Colin Powell once famously stated about the Iraq war, “If you break it you own it.” In my view, that’s the end goal for public education for neoliberals. They seek to transfer public education from the state budget to the family budget. Their bamboozled bedfellows are civil rights proponents who support unbridled neoliberal approaches to school “choice.” So if you are a “choice” proponent interested in civil rights— understand that in markets there are winners and losers. In the case of choice, the long-term losers in a large-scale market-oriented education continue to be historically underserved students of color and special populations.

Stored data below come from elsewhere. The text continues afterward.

(* Let $p$ be a prime and let $(\alpha,\delta)\in\mathbb{O}_p\times(\mathbb{Q}_{\ge0}\cup\{\infty\})$ be an admissible pair. Then $$\mathbb{Z}_{(p)}[X]\cap M_{(p),\alpha,\delta}=\begin{cases}p\,\mathbb{Z}_{(p)}[X], & \delta=0,\\ (p,g_\alpha(X)), & \delta>0,\end{cases}$$ where $g_\alpha\in\mathbb{Z}_{(p)}[X]$ is a monic polynomial whose reduction modulo $p$ is the minimal polynomial over $\mathbb{F}_p$ of the residue $\overline{\alpha}$ of $\alpha$ modulo $\mathbb{M}_p$.
   Context: Fix a prime $p$. $\overline{\mathbb{Q}_p}$ is an algebraic closure of $\mathbb{Q}_p$, $v_p$ the unique extension of the $p$-adic valuation, $\mathbb{C}_p$ the completion of $\overline{\mathbb{Q}_p}$, $\mathbb{O}_p=\{x\in\mathbb{C}_p:v_p(x)\ge0\}$ with maximal ideal $\mathbb{M}_p$ (its residue field is an algebraic closure of $\mathbb{F}_p=\mathbb{Z}/p\mathbb{Z}$). A pair $(\alpha,\delta)\in\mathbb{C}_p\times(\mathbb{Q}\cup\{\infty\})$ is admissible if: when $\delta\in\mathbb{Q}$, $\alpha\in\overline{\mathbb{Q}_p}$; when $\delta=\infty$, $\alpha$ is transcendental over $\mathbb{Q}$. For $\delta\in\mathbb{Q}$, $v_{p,\alpha,\delta}$ is the monomial valuation on $\mathbb{C}_p(X)$ given on polynomials by $v_{p,\alpha,\delta}(\sum_i a_i(X-\alpha)^i)=\min_i\{v_p(a_i)+i\delta\}$; for $\delta=\infty$, $v_{p,\alpha,\infty}(\varphi)=v_p(\varphi(\alpha))$ for $\varphi\in\mathbb{Q}(X)$. $\mathbb{Z}_{(p),\alpha,\delta}=\{\varphi\in\mathbb{Q}(X):v_{p,\alpha,\delta}(\varphi)\ge0\}$ and $M_{(p),\alpha,\delta}=\{\varphi\in\mathbb{Q}(X):v_{p,\alpha,\delta}(\varphi)>0\}$ is its maximal ideal. *)

From HB Require Import structures.
From mathcomp Require Import all_boot all_order all_algebra.
Set Implicit Arguments. Unset Strict Implicit. Unset Printing Implicit Defensive.
Import Order.TTheory GRing.Theory Num.Theory.
Local Open Scope ring_scope.

Section Defs.
Variables (p : nat) (K : closedFieldType) (v : K -> option rat).

(* values in Q ∪ {∞}, None = ∞ *)
Definition vge (x : K) (N : rat) : bool :=
  match v x with None => true | Some r => N <= r end.
Definition opos (o : option rat) : bool :=
  match o with None => true | Some r => 0 < r end.
Definition omin (a b : option rat) : option rat :=
  match a, b with
  | None, x => x | x, None => x | Some a, Some b => Some (Num.min a b) end.

Definition vpQ (q : rat) : rat :=
  (logn p `|numq q|)%:R - (logn p `|denq q|)%:R.

(* the elements of the closure of Q in K (a copy of Q_p) *)
Definition in_Qp (x : K) : Prop :=
  forall N : rat, exists q : rat, vge (x - ratr q) N.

This essay demonstrates that school choice is a civil rights issue, but not as currently framed. First, school choice, on average, does not produce the equity and social justice that proponents spin (Wells, Slayton, & Scott, 2002). Second, school choice has created a motely alliance between privatizers and traditional civil rights proponents that is not in the best interest of poor and minority students (Wells, Lopez, Scott & Holme, 1999). Scott (2013b) posited,
Can we imagine Martin Luther King, Jr., A. Philip Randolph, Ella Baker, or Rosa Parks marching on Washington to secure the right for parents to compete in lotteries for spaces in free-market schools? Rather than these figures, the managers of such reforms in fact seem to be emulating another iconic cultural figure: Milton Friedman, the Nobel Prize-winning libertarian economist whose 1962 best-selling book was entitled “Free to Choose.”
Moving our schools from the public sector to the private sector is a false choice. Instead, as the research concisely demonstrates, parents and students should be able to choose a neighborhood public school with the important characteristics that are already established in the research literature and consistently observed in wealthy high-performing public and private schools. Access to those choices in democratically-controlled neighborhood public schools is the civil rights issue of our time— large-scale privatization of education is not.
Citation: Vasquez Heilig, J. (2013). Reframing the refrain: Choice as a Civil Rights issue. Texas Education Review. 1(1), 83-94.